Führen, folgen.. sonst noch was?
Über persönliche Beziehungsvorlieben lässt sich viel diskutieren – solange es noch im Rahmen des Tierschutzgesetzes bleibt, ist auch die Mensch-Hund-Gemeinschaft keiner starren Norm unterworfen. Solange beide (oder auch mehrere) glücklich sind und kein Dritter unter den Auswüchsen leidet, darf die Welt gerne herrlich bunt und vielfältig sein!
Aber im Hundesport scheinen manchmal sehr unbewegliche Grundsätze auf Mensch-Hund-Teams zu Lasten: Der Zweibeiner führt, der Vierbeiner führt aus, der Richter führt an… und alle folgen mehr oder minder brav der Prüfungsordnung! Leistungsprüfungen sind nun mal streng normiert. Das ist eine Grundvoraussetzung für sportlichen Wettkampf und faire Bewertung von erbrachten Leistungen. „Zweierlei Maß“ ist einfach unsportlich und zurecht verpönt.
Lässt sich denn die menschliche Motivation zum Hundesport, das Bedürfnis nach gemeinsamem Lusterleben auf Seiten des Hundes und so etwas normiertes, vorgegebenes wie „Sport“ in Vereinen wirklich unter einen Hut bekommen?
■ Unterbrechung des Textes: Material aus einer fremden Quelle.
Section SortByKey.
Variables (n : nat) (key : 'I_n -> nat).
Hypothesis key_inj : injective key.

Definition key_rank x := #|[set y | key y < key x]|.

Lemma key_rank_lt x : key_rank x < n.
Proof.
rewrite -[X in _ < X]card_ord -cardsT; apply: proper_card; apply/properP.
by split; [exact: subsetT | exists x; rewrite !inE ?ltnn].
Qed.

Lemma key_rank_ltE x y : (key_rank x < key_rank y) = (key x < key y).
Proof.
have rank_sub z t : key z <= key t ->
    [set u | key u < key z] \subset [set u | key u < key t].
  by move=> le_zt; apply/subsetP => u; rewrite !inE => /leq_trans; apply.
case: (ltnP (key x) (key y)) => [lt_xy | le_yx].
  apply: proper_card; apply/properP; split; first exact/rank_sub/ltnW.
  by exists x; rewrite !inE ?ltnn.
by apply/negbTE; rewrite -leqNgt; apply/subset_leq_card/rank_sub.
Qed.

Lemma key_rank_inj : injective key_rank.
Proof.
move=> x y eq_xy; apply: key_inj; apply/eqP.
by rewrite eqn_leq !(leqNgt (key _)) -!key_rank_ltE eq_xy ltnn.
Qed.

Definition key_rank_ord x : 'I_n := Ordinal (key_rank_lt x).

Lemma key_rank_ord_inj : injective key_rank_ord.
Proof. by move=> x y /(congr1 val)/key_rank_inj. Qed.

Definition sort_perm : 'S_n := (perm key_rank_ord_inj)^-1.

Lemma key_rank_sort_perm i : key_rank (sort_perm i) = i.
Proof. by have := permKV (perm key_rank_ord_inj) i; rewrite permE => /(congr1 val). Qed.

Lemma sort_perm_ltE i j : (key (sort_perm i) < key (sort_perm j)) = (i < j).
Proof. by rewrite -key_rank_ltE !key_rank_sort_perm. Qed.

Lemma sort_permE (w : 'S_n) :
  {homo w : i j / i < j >-> key i < key j} -> sort_perm = w.
Proof.
move=> w_homo; have w_mono i j : (key (w i) < key (w j)) = (i < j).
  case: (ltngtP i j) => [/w_homo // | /w_homo/ltnW | /val_inj ->]; last exact: ltnn.
  by rewrite leqNgt => /negbTE.
apply/permP => j; apply: key_rank_ord_inj; apply: val_inj => /=.
rewrite key_rank_sort_perm /key_rank -[in LHS](card_ord_lt (ltnW (ltn_ord j))).
rewrite -(card_imset _ (@perm_inj _ w)); apply: eq_card => y.
by rewrite -[y](permKV w) mem_imset ?inE ?w_mono //; apply: perm_inj.
Qed.

End SortByKey.

Section Below.
Variables (n : nat) (B : {set 'I_n}).

Definition below (j : nat) := #|[set b in B | b < j]|.

Lemma below_le_card j : below j <= #|B|.
Proof. by apply/subset_leq_card/subsetP => b; rewrite inE => /andP[]. Qed.

Lemma belowS (i : 'I_n) : below i.+1 = below i + (i \in B).
Proof.
rewrite /below; case: (boolP (i \in B)) => Bi.
  rewrite (_ : [set b in B | b < i.+1] = i |: [set b in B | b < i]).
    by rewrite cardsU1 !inE ltnn andbF addnC.
  apply/setP => b; rewrite !inE ltnS leq_eqVlt val_eqE.
  by case: (eqVneq b i) => [-> | _]; rewrite ?Bi.
rewrite addn0; apply: eq_card => b; rewrite !inE ltnS leq_eqVlt val_eqE.
by case: (eqVneq b i) => [-> | _]; rewrite ?(negbTE Bi).
Qed.

Lemma below_lt (b : 'I_n) j : b \in B -> b < j -> below b < below j.
Proof.
move=> Bb lt_bj; apply: proper_card; apply/properP; split.
  by apply/subsetP => c; rewrite !inE => /andP[-> /ltn_trans]; apply.
by exists b; rewrite !inE ?Bb ?lt_bj ?ltnn.
Qed.

Lemma below_inj : {in B &, injective (fun b : 'I_n => below b)}.
Proof.
move=> b c Bb Bc eq_bc; apply: val_inj.
by case: (ltngtP b c) => // [/(below_lt Bb) | /(below_lt Bc)]; rewrite eq_bc ltnn.
Qed.

End Below.

Definition descents n (w : 'S_n) := [set i : 'I_n | (i.+1 < n) && descent_at w i].

Lemma descent_atE n (w : 'S_n.+1) (i : 'I_n.+1) : i < n ->
  descent_at w i = (w (inord i.+1) < w i).
Proof.
move=> lt_in; apply/existsP/idP => [[j /andP[/eqP j_val]] | ].
  by have <- : j = inord i.+1 by rewrite -j_val inord_val.
by exists (inord i.+1); rewrite /= inordK // eqxx.
Qed.

Section StableSort.
Variables (n m : nat) (f : {ffun 'I_n -> 'I_m}).

Definition lex_key x := f x * n + x.

Lemma lex_key_ltE x y :
  (lex_key x < lex_key y) = (f x < f y) || ((f x == f y :> nat) && (x < y)).
Proof.
rewrite /lex_key; have := ltn_ord x; have := ltn_ord y.
by case: (ltngtP (f x) (f y)) => /= cmp_xy; nia.
Qed.

Lemma lex_key_inj : injective lex_key.
Proof.
move=> x y; rewrite /lex_key => eq_xy; apply: val_inj => /=.
by have := ltn_ord x; have := ltn_ord y; case: (ltngtP (f x) (f y)) => cmp_xy; nia.
Qed.

Definition stable_sort : 'S_n := sort_perm lex_key_inj.
Local Notation w := stable_sort.

Lemma stable_sort_ltE (i j : 'I_n) : (lex_key (w i) < lex_key (w j)) = (i < j).
Proof. exact: sort_perm_ltE. Qed.

Lemma stable_sort_homo (i j : 'I_n) : i <= j -> f (w i) <= f (w j).
Proof.
rewrite leq_eqVlt => /orP[/eqP/val_inj -> // | ].
by rewrite -stable_sort_ltE lex_key_ltE => /orP[/ltnW | /andP[/eqP ->]].
Qed.

Lemma stable_sort_lt (i j : 'I_n) : f (w i) < f (w j) -> i < j.
Proof. by apply: contraTT; rewrite -!leqNgt; apply: stable_sort_homo. Qed.

Lemma stable_sort_tie (i j : 'I_n) : f (w i) = f (w j) -> i <= j -> w i <= w j.
Proof.
move=> eq_f; rewrite leq_eqVlt => /orP[/eqP/val_inj -> // | ].
by rewrite -stable_sort_ltE lex_key_ltE eq_f ltnn eqxx => /ltnW.
Qed.

End StableSort.

Definition onto (aT rT : finType) (f : {ffun aT -> rT}) := [forall t, [exists x, f x == t]].

Lemma ontoP (aT rT : finType) (f : {ffun aT -> rT}) :
  reflect (forall t, exists x, f x = t) (onto f).
Proof.
apply: (iffP forallP) => [f_onto t | f_onto t].
  by have /existsP[x /eqP f_x] := f_onto t; exists x.
by have [x f_x] := f_onto t; apply/existsP; exists x; rewrite f_x.
Qed.

Definition separated n m (f : {ffun 'I_n -> 'I_m}) (t : nat) :=
  [forall x, forall y, (f x == t :> nat) && (f y == t.+1 :> nat) ==> (x < y)].

Section SortedSurjection.
Variables (n m : nat) (f : {ffun 'I_n.+1 -> 'I_m.+1}).
Local Notation w := (stable_sort f).

Definition ascents := [set j : 'I_n.+1 | (j < n) && (f (w j) < f (w (inord j.+1)))].

Lemma ascents_bound j : j \in ascents -> j < n.
Proof. by rewrite inE => /andP[]. Qed.

Lemma descents_sub_ascents : descents w \subset ascents.
Proof.
apply/subsetP => i; rewrite !inE ltnS => /andP[lt_in]; rewrite lt_in descent_atE //=.
have : i < (inord i.+1 : 'I_n.+1) by rewrite inordK.
rewrite -(stable_sort_ltE f) lex_key_ltE => /orP[// | /andP[_ lt_w]] lt_w'.
by have := ltn_trans lt_w lt_w'; rewrite ltnn.
Qed.

Hypothesis f_onto : forall t, exists x, f x = t.

Lemma sorted_succ j : j < n ->
  f (w (inord j.+1)) = f (w (inord j)) + (inord j \in ascents) :> nat.
Proof.
move=> lt_jn; have le_jSn := ltnW lt_jn.
have le_fw : f (w (inord j)) <= f (w (inord j.+1)).
  by apply: stable_sort_homo; rewrite !inordK.
have step : f (w (inord j.+1)) <= (f (w (inord j))).+1.
  rewrite leqNgt; apply/negP => jump.
  have lt_m : (f (w (inord j))).+1 < m.+1 := leq_trans jump (ltnW (ltn_ord _)).
  have [x f_x] := f_onto (Ordinal lt_m); rewrite -[x](permKV w) in f_x.
  case: (leqP ((w^-1)%g x) (inord j : 'I_n.+1)) => [/(stable_sort_homo f) | lt_j].
    by rewrite f_x /= ltnn.
  have /(stable_sort_homo f) : (inord j.+1 : 'I_n.+1) <= (w^-1)%g x.
    by move: lt_j; rewrite !inordK.
  by rewrite f_x /= leqNgt jump.
rewrite inE inordK // lt_jn /=.
by case: ltngtP le_fw step => //=; lia.
Qed.

Lemma sorted_below (j : 'I_n.+1) : f (w j) = below ascents j :> nat.
Proof.
rewrite -[j in LHS]inord_val; case: j => j /=; elim: j => [_ | j IH lt_jn].
  have [x f_x] := f_onto ord0; rewrite -[x](permKV w) in f_x.
  have /(stable_sort_homo f) : (inord 0 : 'I_n.+1) <= (w^-1)%g x by rewrite inordK.
  by rewrite f_x leqn0 => /eqP ->; apply/esym/eq_card0 => b; rewrite !inE ltn0 andbF.
rewrite sorted_succ // IH 1?ltnW //.
by have := belowS ascents (inord j : 'I_n.+1); rewrite inordK 1?ltnW.
Qed.

Lemma ascents_next j : j \in ascents -> f (w (inord j.+1)) = (f (w j)).+1 :> nat.
Proof.
move=> asc_j; have lt_jn := ascents_bound asc_j.
by rewrite sorted_succ // inord_val asc_j addn1.
Qed.

Lemma ascents_lt j : j \in ascents -> f (w j) < m.
Proof.
by move=> /ascents_next next_j; have := ltn_ord (f (w (inord j.+1))); rewrite next_j.
Qed.

Lemma ascents_card : #|ascents| = m.
Proof.
have below_max : below ascents (@ord_max n) = #|ascents|.
  apply: eq_card => b; rewrite [in LHS]inE /=.
  by apply/andP/idP => [[] // | asc_b]; split; last exact: ascents_bound.
have [x f_x] := f_onto ord_max; rewrite -[x](permKV w) in f_x.
have := @stable_sort_homo _ _ f _ ord_max (leq_ord ((w^-1)%g x)); rewrite f_x /=.
rewrite -below_max -sorted_below => le_m.
by apply/eqP; rewrite eqn_leq le_m -ltnS ltn_ord.
Qed.

Lemma sorted_ascents_inj : {in ascents &, injective (fun j => f (w j))}.
Proof.
move=> i j asc_i asc_j /(congr1 val); rewrite /= !sorted_below.
exact: below_inj.
Qed.

Lemma sorted_ascents_img : [set f (w j) | j in ascents] = [set t : 'I_m.+1 | t < m].
Proof.
apply/eqP; rewrite eqEcard; apply/andP; split.
  by apply/subsetP => t /imsetP[j asc_j ->]; rewrite inE ascents_lt.
by rewrite card_ord_lt // card_in_imset ?ascents_card //; apply: sorted_ascents_inj.
Qed.

Lemma ascent_descent j :
  j \in ascents -> ~~ separated f (f (w j)) -> j \in descents w.
Proof.
move=> asc_j; have lt_jn := ascents_bound asc_j.
have next_j := ascents_next asc_j.
case/forallPn => x /forallPn[y]; rewrite negb_imply -leqNgt.
case/andP => /andP[/eqP f_x /eqP f_y] le_yx.
rewrite -[x](permKV w) in f_x le_yx; rewrite -[y](permKV w) in f_y le_yx.
have le_xj : (w^-1)%g x <= j.
  rewrite -ltnS -[j.+1](@inordK n j.+1) //; apply: (@stable_sort_lt _ _ f _ (inord j.+1)).
  by rewrite f_x next_j.
have le_jy : (inord j.+1 : 'I_n.+1) <= (w^-1)%g y.
  by rewrite inordK //; apply: (stable_sort_lt (f := f)); rewrite f_y ltnSn.
have := stable_sort_tie (val_inj f_x) le_xj.
have := stable_sort_tie (val_inj (etrans next_j (esym f_y))) le_jy.
rewrite !permKV in le_yx *; rewrite inE ltnS lt_jn descent_atE //= ltn_neqAle => le1 le2.
rewrite (leq_trans le1 (leq_trans le_yx le2)) andbT.
by apply/negP => /eqP/val_inj/perm_inj/(congr1 val) /=; rewrite inordK //; lia.
Qed.

End SortedSurjection.

Definition eulerian_pairs r n k := [set p : 'S_n * {set 'I_n} |
  [&& p.2 \subset [set i : 'I_n | (val i).+1 < n],
      #|p.2| == r.-1 &
      #|[set i : 'I_n | ((val i).+1 < n) && (i \notin p.2) && descent_at p.1 i]| == k]].

Lemma eulerian_rE r n k : eulerian_r r n k = #|eulerian_pairs r n k|.
Proof. by []. Qed.

Lemma descents_setD n (w : 'S_n) (S : {set 'I_n}) :
  [set i : 'I_n | ((val i).+1 < n) && (i \notin S) && descent_at w i] = descents w :\: S.
Proof. by apply/setP => i; rewrite !inE andbCA andbA. Qed.

Definition bars n (p : 'S_n * {set 'I_n}) := p.2 :|: descents p.1.

Definition encode m n (p : 'S_n * {set 'I_n}) : {ffun 'I_n -> 'I_m.+1} * {set 'I_m.+1} :=
  ([ffun x => inord (below (bars p) ((p.1^-1)%g x))],
   [set inord (below (bars p) s) | s : 'I_n in p.2]).

Definition decode n m (q : {ffun 'I_n.+1 -> 'I_m.+1} * {set 'I_m.+1}) :=
  (stable_sort q.1, [set j in ascents q.1 | q.1 (stable_sort q.1 j) \in q.2]).

Definition draws m r :=
  [set A : {set 'I_m.+1} | (A \subset [set t : 'I_m.+1 | t < m]) && (#|A| == r.-1)].

Lemma card_draws m r : #|draws m r| = 'C(m, r.-1).
Proof. by rewrite cards_draws card_ord_lt. Qed.

Definition codes N m r := setX [set: {ffun 'I_N -> 'I_m.+1}] (draws m r).

Lemma card_codes N m r : #|codes N m r| = m.+1 ^ N * 'C(m, r.-1).
Proof. by rewrite cardsX cardsT card_ffun !card_ord card_draws. Qed.

Section EulerianPair.
Variables (r k n : nat) (p : 'S_n * {set 'I_n}).
Hypothesis p_in : p \in eulerian_pairs r n k.

Lemma card_bars : #|bars p| = k + r.-1.
Proof.
move: p_in; rewrite inE => /and3P[_ /eqP card_S /eqP card_D].
rewrite descents_setD in card_D.
rewrite /bars cardsU setIC -addnBA ?subset_leq_card ?subsetIl // -cardsD.
by rewrite card_S card_D addnC.
Qed.

Lemma bars_bound b : b \in bars p -> b.+1 < n.
Proof.
move: p_in; rewrite inE => /and3P[/subsetP sub_S _ _].
by rewrite inE => /orP[/sub_S | ]; rewrite inE // => /andP[].
Qed.

Lemma below_bars_lt j : below (bars p) j < (k + r.-1).+1.
Proof. by rewrite ltnS -card_bars below_le_card. Qed.

End EulerianPair.

Section EncodePair.
Variables (r k n : nat) (p : 'S_n.+1 * {set 'I_n.+1}).
Hypothesis p_in : p \in eulerian_pairs r n.+1 k.
Local Notation m := (k + r.-1).
Local Notation f := (encode m p).1.

Lemma encode_sorted j : f (p.1 j) = below (bars p) j :> nat.
Proof. by rewrite ffunE permK inordK // (below_bars_lt p_in). Qed.

Lemma encode_key_step j : j < n ->
  lex_key f (p.1 (inord j)) < lex_key f (p.1 (inord j.+1)).
Proof.
move=> lt_jn; have lt_jSn := ltnW lt_jn.
have := belowS (bars p) (inord j); rewrite inordK // => below_Sj.
rewrite lex_key_ltE !encode_sorted !inordK // below_Sj.
case: (boolP (inord j \in bars p)) => [_ | bars_j]; first by rewrite addn1 ltnSn.
have : inord j \notin descents p.1 by apply: contra bars_j => D_j; rewrite inE D_j orbT.
rewrite addn0 eqxx ltnn inE inordK // ltnS lt_jn descent_atE ?inordK // -leqNgt.
rewrite leq_eqVlt => /orP[/eqP/val_inj/perm_inj/(congr1 val) | //].
by rewrite /= !inordK // => /n_Sn.
Qed.

Lemma encode_key_homo : {homo p.1 : i j / i < j >-> lex_key f i < lex_key f j}.
Proof.
pose g i := lex_key f (p.1 (inord i)).
have : {in [pred i | i < n.+1] &, {homo g : i j / i < j}}.
  apply: homo_ltn_in => [y x z | i j _ /[!inE] lt_j l /andP[_ lt_lj] | i _ /[!inE]].
  - exact: ltn_trans.
  - exact: ltn_trans lt_lj lt_j.
  - exact: encode_key_step.
by move=> g_homo i j /(g_homo i j (ltn_ord i) (ltn_ord j)); rewrite /g !inord_val.
Qed.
Oder stimmt die Kritik von Nicht-Sportlern etwa, dass der Hund - objektiv betrachtet - gar nicht von dieser Tätigkeit profitiert?
Kurzum: der Weg zum sportlichem Erfolg muss nicht normiert, getaktet und linear sein. Und Sport im Verein darf und soll auch lustvolles Miteinander beinhalten, ohne konkret auf eine Leistungsprüfung hinzuarbeiten. Die jeweilige Sportart bietet dafür lediglich einen Rahmen. Diese Rahmen erleichtern letztendlich das Miteinander: wir müssen zwischenmenschlich und auch gegenüber unseren Hunden nicht erst ein Ziel ausbaldowern. Wir können uns darauf konzentrieren, gemeinsam den Weg dahin zu finden.
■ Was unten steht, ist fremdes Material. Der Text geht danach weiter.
(* Let $(X,S)$ be the periodic Tri-tris transformation semigroup on the $3\times 4$ board (width $3$, height $4$) with piece set $P=\{\mathrm{RS},\mathrm{LUS},\mathrm{RUS},\mathrm{V}\}$. There is a $5$-element set $Z\subseteq X$ of game states, containing the empty board $e$, and there are elements $g_1,g_2\in S$ such that $Z\cdot g_1=Z$ and $Z\cdot g_2=Z$. The restriction of $g_1$ to $Z$ is a $5$-cycle. The restriction of $g_2$ to $Z$ is a product of a disjoint $3$-cycle (containing $e$) and a transposition. Consequently, the permutations of $Z$ induced by elements of $S$ that map $Z$ onto itself form the full symmetric group $S_5$ on $Z$. In particular, this group contains the alternating group $A_5$, a finite simple nonabelian group.
   Context: Board: a grid of $n=3$ columns, indexed $0,1,2$, and $k=4$ rows. A game state is a subset of filled cells of this grid. Pieces are sets of connected cells. - $\mathrm{V}$ is the vertical straight triomino: three cells stacked in one column. - The other pieces are orientations of the L-shaped triomino, i.e. a $2\times 2$ square with one cell removed. - $\mathrm{RS}$ has two cells in its bottom row and one cell above the right one. - $\mathrm{LUS}$ has two cells in its top row and one cell below the left one. - $\mathrm{RUS}$ has two cells in its top row and one cell below the right one. - (The fourth orientation, $\mathrm{LS}$, has one cell above the left bottom cell; it is not used here.) Basic events: a basic event is a pair $\sigma=(p,\xi)$ with $p\in P$ and $\xi$ a column index such that the piece fits horizontally when its leftmost cells are placed in column $\xi$. The state $x\cdot\sigma$ is obtained as follows. 1. Drop $p$ vertically, without rotation or sliding, with its leftmost cells in column $\xi$, from above the board until it rests on the floor or on filled cells. 2. Repeatedly remove any completely filled row, moving all cells above it down one row. 3. If the piece cannot be placed entirely within the $k$ rows, the result is the game-over outcome. In the periodic variant, the game-over outcome is replaced by the empty board $e$, so $x\cdot\sigma=e$. $X$ is the set of states reachable from $e$ by finite sequences of basic events. $S$ is the transformation semigroup on $X$ generated by the basic events, with product $\sigma_1\sigma_2$ meaning apply $\sigma_1$ first and then $\sigma_2$. *)

From mathcomp Require Import all_boot.
Set Implicit Arguments. Unset Strict Implicit. Unset Printing Implicit Defensive.

Inductive piece := RS | LUS | RUS | V.
(* Let $(E,\tau)$ be a uniquely generated convex space such that every $A\subseteq E$ has a unique inclusion-maximal generator. Then the partition $\mathcal{P}$ of $2^E$ into the equivalence classes of the relation $X\sim Y\iff\tau(X)=\tau(Y)$ is a hypercube partition of $2^E$, i.e., every equivalence class is an interval $[A,B]=\{C\subseteq E:A\subseteq C\subseteq B\}$ for some $A\subseteq B\subseteq E$.
   Context: $E$ is a finite set and $\tau:2^E\to 2^E$. $(E,\tau)$ is a convex space if (C1) $Y\subseteq\tau(Y)$ for all $Y\subseteq E$, and (convexity) for all $Y_1\subseteq Y_2\subseteq Y_3\subseteq E$ with $\tau(Y_1)=\tau(Y_3)$ we have $\tau(Y_2)=\tau(Y_1)$. For $A\subseteq E$, a generator of $A$ is any $B\subseteq E$ with $\tau(B)=\tau(A)$; a basis of $A$ is an inclusion-minimal generator of $A$. The space is uniquely generated if every $A\subseteq E$ has exactly one basis. A hypercube partition of $2^E$ is a partition of $2^E$ into disjoint intervals $[A,B]$. *)

From mathcomp Require Import all_boot.
Set Implicit Arguments. Unset Strict Implicit. Unset Printing Implicit Defensive.

Section Defs.
Variable E : finType.
Variable tau : {set E} -> {set E}.

Definition extensive := forall Y : {set E}, Y \subset tau Y.

Definition convexity := forall Y1 Y2 Y3 : {set E},
  Y1 \subset Y2 -> Y2 \subset Y3 -> tau Y1 = tau Y3 -> tau Y2 = tau Y1.

Definition convex_space := extensive /\ convexity.

Definition generator (A B : {set E}) := tau B = tau A.

Definition basis (A B : {set E}) :=
  generator A B /\ forall C : {set E}, C \subset B -> generator A C -> C = B.

Definition max_generator (A B : {set E}) :=
  generator A B /\ forall C : {set E}, B \subset C -> generator A C -> C = B.

Definition uniquely_generated :=
  forall A : {set E}, exists! B : {set E}, basis A B.

Definition unique_max_generator :=
  forall A : {set E}, exists! B : {set E}, max_generator A B.

Definition interval (A B : {set E}) : {set {set E}} :=
  [set C : {set E} | (A \subset C) && (C \subset B)].

Definition tau_class (X : {set E}) : {set {set E}} :=
  [set Y : {set E} | tau Y == tau X].

Definition tau_partition : {set {set {set E}}} :=
  [set tau_class X | X : {set E}].

Definition hypercube_partition (P : {set {set {set E}}}) :=
  partition P [set: {set E}] /\
  forall K, K \in P -> exists A B : {set E}, A \subset B /\ K = interval A B.
End Defs.

From mathcomp Require Import all_boot.

(* The classes of tau X = tau Y partition 2^E for any map tau.  Every generator of X
   contains a minimal one and lies in a maximal one; by uniqueness these are the basis A
   and the maximal generator B of X, so the class of X lies in [A, B], and convexity
   (applied to A, Y, B) gives the reverse inclusion. *)

Section ClassIntervals.
Variables (E : finType) (tau : {set E} -> {set E}).

Lemma basis_subset_generator : uniquely_generated tau ->
  forall X A Y : {set E}, basis tau X A -> generator tau X Y -> A \subset Y.
Proof.
move=> ug X A Y basisA genY; have [A' [_ uniqA]] := ug X.
have [C /minsetP [/eqP genC minC] sCY] :=
  @minset_exists _ (fun C => tau C == tau X) Y (introT eqP genY).
have basisC : basis tau X C.
  by split=> // D sDC genD; apply: minC => //; apply/eqP.
by rewrite -(uniqA _ basisA) (uniqA _ basisC).
Qed.

Lemma generator_subset_max_generator : unique_max_generator tau ->
  forall X B Y : {set E}, max_generator tau X B -> generator tau X Y -> Y \subset B.
Proof.
move=> umg X B Y maxB genY; have [B' [_ uniqB]] := umg X.
have [C /maxsetP [/eqP genC maxC] sYC] :=
  @maxset_exists _ (fun C => tau C == tau X) Y (introT eqP genY).
have maxgenC : max_generator tau X C.
  by split=> // D sCD genD; apply: maxC => //; apply/eqP.
by rewrite -(uniqB _ maxB) (uniqB _ maxgenC).
Qed.

Lemma tau_class_interval : convexity tau -> uniquely_generated tau ->
  unique_max_generator tau ->
  forall X : {set E}, exists A B : {set E}, A \subset B /\ tau_class tau X = interval A B.
Proof.
move=> cvx ug umg X.
have [A [basisA _]] := ug X; have [B [maxB _]] := umg X.
exists A, B; split.
  exact: generator_subset_max_generator maxB basisA.1.
apply/setP=> Y; rewrite !inE; apply/eqP/andP => [genY | [sAY sYB]].
  split; [exact: basis_subset_generator basisA genY
         | exact: generator_subset_max_generator maxB genY].
have tauAB : tau A = tau B by rewrite basisA.1 maxB.1.
by rewrite (cvx _ _ _ sAY sYB tauAB) basisA.1.
Qed.

Lemma tau_partition_partition : partition (tau_partition tau) [set: {set E}].
Proof.
apply/and3P; split.
- apply/eqP/setP=> Y; rewrite inE; apply/bigcupP; exists (tau_class tau Y).
    exact: imset_f.
  by rewrite inE.
- apply/trivIsetP=> _ _ /imsetP [X1 _ ->] /imsetP [X2 _ ->] neq.
  apply/pred0P=> Y; rewrite /= !inE; apply/negP=> /andP [/eqP eq1 /eqP eq2].
  by move/negP: neq; apply; apply/eqP/setP=> Z; rewrite !inE -eq1 eq2.
- apply/imsetP=> [[X _ eqX]].
  have : X \in tau_class tau X by rewrite inE.
  by rewrite -eqX inE.
Qed.

End ClassIntervals.

Theorem mainTheorem19 (E : finType) (tau : {set E} -> {set E}) :
  convex_space tau ->
  uniquely_generated tau ->
  unique_max_generator tau ->
  hypercube_partition (tau_partition tau).
Proof.
move=> [_ cvx] ug umg; split; first exact: tau_partition_partition.
by move=> _ /imsetP [X _ ->]; exact: tau_class_interval.
Qed.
Trotzdem lohnt sich der selbstkritische Blick auf den persönlichen „Führungsstil“: können wir kooperativ arbeiten, obwohl wir im Gegensatz zu unserem Hund das „Abstrakt“ Sportreglement kennen und ihm dies von der Pieke auf vermitteln sollen? Schaffen wir eine spielerische Lernatmosphäre, solange der Hund die Regeln noch nicht sicher versteht?
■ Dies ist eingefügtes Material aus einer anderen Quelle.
(* Let $(\pi_h^k)_{k\ge 0}$ be the sequence of joint safety policies produced by the multi-agent safety policy iteration (defined in the context) from an arbitrary initial joint policy $\pi_h^0$, with an arbitrary ordering of the agents chosen at each iteration. Then: (a) for every $x\in\mathcal X$ and every $k\ge0$, $V_h^{\pi_h^{k+1}}(x)\ge V_h^{\pi_h^{k}}(x)$, and the sequence $(V_h^{\pi_h^k})_k$ converges; (b) under the tie-breaking convention in the context, the joint safety policies $\pi_h^k$ converge, i.e. are constant from some index on, to a joint policy $\pi_h^*=(\pi_{h,1}^*,\dots,\pi_{h,n}^* )$. This limit is a Nash equilibrium for the safety value function: for every agent $i\in\mathcal N$, every individual policy $\pi_{h,i}:\mathcal X\to\mathcal U_i$ and every $x\in\mathcal X$, $$V_h^{(\pi_{h,i},\pi^*_{h,-i})}(x)\le V_h^{\pi_h^*}(x).$$
   Context: Setting. Let $\mathcal N=\{1,\dots,n\}$ be a finite set of agents, $\mathcal X$ a finite state space, $\mathcal U_i$ a finite action set for agent $i$, $\mathcal U=\prod_{i=1}^n\mathcal U_i$ the joint action space, $f:\mathcal X\times\mathcal U\to\mathcal X$ the deterministic dynamics, $h:\mathcal X\to\mathbb R$ a constraint function, and $\gamma_h\in(0,1)$ a safety discount factor. An individual policy of agent $i$ is a map $\pi_i:\mathcal X\to\mathcal U_i$. A joint policy is $\pi=(\pi_1,\dots,\pi_n)$, with $\pi(x)=(\pi_1(x),\dots,\pi_n(x))$. For a joint action $u$ and an agent $i$, $(u_i',u_{-i})$ denotes $u$ with its $i$-th component replaced by $u_i'$. The notation $(\pi_i',\pi_{-i})$ is used in the same way for policies. Safety value function. For a joint policy $\pi$, set $V_h^{\pi}(x)=\min_{t\in\mathbb N}\gamma_h^{t+1}h(x_t)$, where $x_0=x$ and $x_{t+1}=f(x_t,\pi(x_t))$. Multi-agent safety policy iteration. Given $\pi_h^k$, compute $V_h^{\pi_h^k}$ and choose an ordering $i_1,\dots,i_n$ of $\mathcal N$. Then, for each $x\in\mathcal X$ and for $j=1,\dots,n$ in turn, set $$\pi_{h,i_j}^{k+1}(x)\in\arg\max_{v\in\mathcal U_{i_j}}V_h^{\pi_h^k}\big(f(x,w^{(j)})\big),$$ where $w^{(j)}\in\mathcal U$ is the joint action with component $i_j$ equal to $v$, component $i_l$ equal to $\pi_{h,i_l}^{k+1}(x)$ for $l<j$, and component $i_l$ equal to $\pi_{h,i_l}^{k}(x)$ for $l>j$. Tie-breaking convention. In every argmax, if the agent's current action ($\pi^k_{h,i_j}(x)$ here) is a maximizer, it is selected. Otherwise, a maximizer is selected by a fixed deterministic rule. *)

From HB Require Import structures.
From mathcomp Require Import all_boot all_order all_algebra all_fingroup.
From mathcomp Require Import all_classical all_reals all_analysis.
Set Implicit Arguments. Unset Strict Implicit. Unset Printing Implicit Defensive.
Import Order.TTheory GRing.Theory Num.Theory.
Local Open Scope ring_scope.
Local Open Scope classical_set_scope.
„Neumodischer Unsinn!“, hört man manchmal von den alten Hundeplatz-Dinosauriern. Anfänger verunsichert das schnell, denn – sie haben ja nichts vorzuweisen. Nur ihre Beziehung zu ihrem aktuellen Hund und das, was sie bisher an Kommunikation erarbeiten konnten. Meist völlig unbrauchbar für das strenge Sportreglement. Und in einem autoritären Gefüge, wie dieses Wissensgefälle automatisch zu erzeugen scheint, braucht der Wissende zwingend alle passenden Antworten. Sonst versagt er in der „Führung“ zum Ziel. Das führt zu Unsicherheit und auch Sorge um das Ansehen in der Gemeinschaft der Hundesportler. Wer will da schon das Risiko eingehen, entgegen aller Traditionen mit dem Hund zu spielen? Spiel ist ja weder diszipliniert, noch zielgerichtet!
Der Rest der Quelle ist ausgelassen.